Jim saw a wide macadam road leading up through the pines. The

unmistakable sounds of great construction work dropped faintly down to

him. His pulse quickened and he started up the road which wound for a

quarter of a mile through trees the trunks of which were silhouetted

against the setting sun. Then the road swept into the open. Jim stopped.



First he saw ranges, stretching away and away to the evening glory of

the sky. Then, nearer, he saw solitary peaks, etched black against the

heavens, and groups of peaks whose mighty flanks merged as if in a final

struggle for supremacy.



The boy saw a country of mighty distances, of indescribable cruelty and

hostility, a country of unthinkable heights and impassable depths. And,

standing so, struggling to resist the sense of the region's terrifying

bigness, he saw that all the valleys and canyons and mountain slopes

seemed to focus toward one point. It was as if they had concentrated at

one spot against a common enemy.



This point, he saw, was a huge black canyon that carried the waters from

all the hundred hills around. It was the point where the war of waters

must be keenest, where the stand of the wilderness was most savage and

where lay the one touch of man in all that area of contending mountains.

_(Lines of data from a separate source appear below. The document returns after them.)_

Local Notation close := (close d).
Local Notation mclose := (mclose d).
Local Notation reindex := (reindex x0).

Definition cont_on (rel : R -> seq T -> seq T -> Prop) (u v : R) (f : R -> seq T) :=
  forall t0, t0 \in `[u, v] -> forall e, 0 < e -> exists2 δ, 0 < δ &
    forall t, t \in `[u, v] -> `|t - t0| < δ -> rel e (f t) (f t0).

(* A path of multisets is given by enumerations [A t], continuous up to reordering;
   a lift is a continuous choice of enumerations [b t]. *)
Definition mpath u v A := cont_on mclose u v A.

Definition lift_on u v A b :=
  {in `[u, v], forall t, perm_eq (b t) (A t)} /\ cont_on close u v b.

Lemma subitvcc (u v u' v' : R) : u <= u' -> v' <= v -> {subset `[u', v'] <= `[u, v]}.
Proof. by move=> uu' v'v t; rewrite !in_itv /= => /andP[? ?]; apply/andP; split; lra. Qed.

Lemma cont_on_sub rel u v u' v' f :
  u <= u' -> v' <= v -> cont_on rel u v f -> cont_on rel u' v' f.
Proof.
move=> uu' v'v fc t0 ht0 e e_gt0.
have [δ δ_gt0 hδ] := fc t0 (subitvcc uu' v'v ht0) e e_gt0.
by exists δ => // t ht; apply/hδ/(subitvcc uu' v'v).
Qed.

Lemma lift_on_sub u v u' v' A b :
  u <= u' -> v' <= v -> lift_on u v A b -> lift_on u' v' A b.
Proof.
move=> uu' v'v [bA bc]; split; last exact: cont_on_sub bc.
by move=> t /(subitvcc uu' v'v); apply: bA.
Qed.

Lemma cont_on_opp rel u v f :
  cont_on rel u v f -> cont_on rel (- v) (- u) (fun t => f (- t)).
Proof.
move=> fc t0; rewrite -oppr_itvcc => ht0 e e_gt0; have [δ δ_gt0 hδ] := fc _ ht0 e e_gt0.
by exists δ => // t; rewrite -oppr_itvcc => ht htt; apply: hδ; rewrite // -opprD normrN.
Qed.

Lemma lift_on_opp u v A b :
  lift_on u v A b -> lift_on (- v) (- u) (fun t => A (- t)) (fun t => b (- t)).
Proof.
move=> [bA bc]; split; last exact: cont_on_opp.
by move=> t; rewrite -oppr_itvcc; apply: bA.
Qed.

Lemma lift_on_oppK u v A b :
  lift_on (- v) (- u) (fun t => A (- t)) b -> lift_on u v A (fun t => b (- t)).
Proof.
move=> /lift_on_opp; rewrite !opprK.
by have -> : (fun t => A (- - t)) = A by apply: funext => t; rewrite opprK.
Qed.

Lemma lift_on_point t A : lift_on t t A A.
Proof.
split=> // t0; rewrite in_itv /= -eq_le => /eqP<- e e_gt0.
by exists 1 => // s; rewrite in_itv /= -eq_le => /eqP<- _; apply: close_refl.
Qed.

Lemma cont_on_paste rel s m w f h : s <= m -> m <= w -> f m = h m ->
  cont_on rel s m f -> cont_on rel m w h ->
  cont_on rel s w (fun t => if t <= m then f t else h t).
Proof.
move=> sm mw fh fc hc t0; rewrite in_itv /= => /andP[st0 t0w] e e_gt0.
have [t0m|mt0|->] := ltgtP t0 m.
- have [δ δ_gt0 hδ] := fc t0 ltac:(by rewrite in_itv /= st0 ltW) e e_gt0.
  exists (Num.min δ (m - t0)) => [|t]; first by rewrite lt_min δ_gt0 subr_gt0.
  rewrite in_itv lt_min /= => /andP[st _] /andP[htδ /ltr_normlP[_ htm]].
  have tm : t <= m by lra.
  by rewrite tm; apply: hδ; rewrite // in_itv /= st.
- have [δ δ_gt0 hδ] := hc t0 ltac:(by rewrite in_itv /= t0w ltW) e e_gt0.
  exists (Num.min δ (t0 - m)) => [|t]; first by rewrite lt_min δ_gt0 subr_gt0.
  rewrite in_itv lt_min /= => /andP[_ tw] /andP[htδ /ltr_normlP[hmt _]].
  have mt : m < t by lra.
  by rewrite leNgt mt /=; apply: hδ; rewrite // in_itv /= tw (ltW mt).
- have m_sm : m \in `[s, m] by rewrite in_itv /= sm lexx.
  have m_mw : m \in `[m, w] by rewrite in_itv /= mw lexx.
  have [δf δf_gt0 hf] := fc m m_sm e e_gt0.
  have [δh δh_gt0 hh] := hc m m_mw e e_gt0.
  exists (Num.min δf δh) => [|t]; first by rewrite lt_min δf_gt0 δh_gt0.
  rewrite in_itv lt_min /= => /andP[st tw] /andP[htf hth].
  case: ifP => [tm|/negbT]; first by apply: hf; rewrite ?in_itv /= ?st.
  by rewrite -ltNge fh => mt; apply: hh; rewrite ?in_itv /= ?tw ?ltW.
Qed.

Definition align (p q : seq T) : seq nat :=
  epsilon (inhabits [::]) (fun Is => perm_eq Is (iota 0 (size q)) /\ p = reindex Is q).

Lemma alignP p q : perm_eq p q ->
  perm_eq (align p q) (iota 0 (size q)) /\ p = reindex (align p q) q.
Proof.
move=> /(perm_iotaP x0) [Is Is_iota pq].
pose P Is := perm_eq Is (iota 0 (size q)) /\ p = reindex Is q.
by apply: (epsilon_spec (inhabits [::]) P); exists Is.
Qed.

Lemma perm_reindex Is q : perm_eq Is (iota 0 (size q)) -> perm_eq (reindex Is q) q.
Proof. by move=> Is_iota; apply/(perm_iotaP x0); exists Is. Qed.

Definition glue (f g : R -> seq T) (m : R) : R -> seq T :=
  fun t => if t <= m then f t else reindex (align (f m) (g m)) (g t).

Lemma lift_on_glue n s m w A f g : s <= m -> m <= w ->
  {in `[s, w], forall t, size (A t) = n} ->
  lift_on s m A f -> lift_on m w A g -> lift_on s w A (glue f g m).
Proof.
move=> sm mw A_n [fA fc] [gA gc].
have m_sm : m \in `[s, m] by rewrite in_itv /= sm lexx.
have m_mw : m \in `[m, w] by rewrite in_itv /= mw lexx.
have fg : perm_eq (f m) (g m) by rewrite (permPl (fA m m_sm)) perm_sym gA.
have [Is_iota fgm] := alignP fg.
have g_size t : t \in `[m, w] -> size (g t) = size (g m).
  move=> ht; rewrite (perm_size (gA t ht)) (perm_size (gA m m_mw)).
  by rewrite !A_n // (subitvcc sm (lexx w)).
split.
- move=> t; rewrite /glue in_itv /= => /andP[st tw]; case: ifP => [tm|/negbT].
    by apply: fA; rewrite in_itv /= st tm.
  rewrite -ltNge => /ltW mt; have ht : t \in `[m, w] by rewrite in_itv /= mt tw.
  by rewrite (permPl (perm_reindex _)) ?gA ?g_size.
- apply: cont_on_paste => //.
  move=> t0 ht0 e e_gt0; have [δ δ_gt0 hδ] := gc t0 ht0 e e_gt0.
  by exists δ => // t ht htt; apply: close_reindex; rewrite ?g_size ?hδ.
Qed.

Lemma lift_on_concat n u s w A b s' w' b' : u <= s -> s <= w -> s' <= s -> w <= w' ->
  {in `[u, w], forall t, size (A t) = n} ->
  lift_on u s A b -> lift_on s' w' A b' -> exists b'', lift_on u w A b''.
Proof.
move=> us sw s's ww' A_n hb hb'; exists (glue b b' s).
by apply: lift_on_glue A_n hb (lift_on_sub s's ww' hb').
Qed.

Lemma constant_memP (s : seq T) : reflect {in s &, forall x y, x = y} (constant s).
Proof.
case: s => [|x s] /=; first by left.
apply: (iffP allP) => [sx y z|eq_s y ys].
  have xE w : w \in x :: s -> w = x by rewrite in_cons => /predU1P[//|/sx/eqP].
  by move=> /xE-> /xE->.
by apply/eqP/eq_s; rewrite ?mem_head ?in_cons ?ys ?orbT.
Qed.

Lemma nonconstantP (s : seq T) : ~~ constant s -> exists x y, [/\ x \in s, y \in s & x != y].
Proof.
move=> /constant_memP ncst; apply: contrapT => hn; apply: ncst => x y xs ys.
by apply: contrapT => /eqP neq_xy; apply: hn; exists x, y.
Qed.

Lemma mclose_memr e s p w : mclose e s p -> w \in p -> exists2 z, z \in s & d z w < e.
Proof.
by move=> [s' /perm_mem s's /close_memr h] /h [z]; rewrite s's; exists z.
Qed.

Lemma mclose_meml e s p z : mclose e s p -> z \in s -> exists2 w, w \in p & d z w < e.
Proof.
move=> [s' /perm_mem s's /(close_sym d_sym)/close_memr h]; rewrite -s's => /h [w].
by exists w; rewrite // d_sym.
Qed.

A vast wall of masonry had been built to block the outlet of the ranges.

A curving wall of gray stone, so huge, so naked of conscious adornment

that the hills might well have disbelieved it to be an enemy and have

accepted it as part and parcel of their own silent grandeur.



Jim lifted his hat slowly and moistened his lips. This, then, was the

labor to which he had so patronizingly offered his puny hands.



After a while, details obtruded themselves. Jim saw black dots of men

moving about the top of the dam. He heard the clatter of concrete

mixers, the raucous grind of the crusher, the scream of donkey engines

and the shouts of foremen. Back to the right, among the trees, was a

long military line of tents. Above the noise of construction the boy

caught the silent brooding of the forest and, poured round all, the

liquid glory of the sunset. Suddenly he saw the whole great picture as

his own work, and it was a picture as elusive, as tantalizing, as a

boy's first dreams of pirate adventure. Jim had come to his first great

dam.



When he had shaken himself together and had swallowed the lump in his

throat, he asked a passing workman for Mr. Freet, the Project Engineer.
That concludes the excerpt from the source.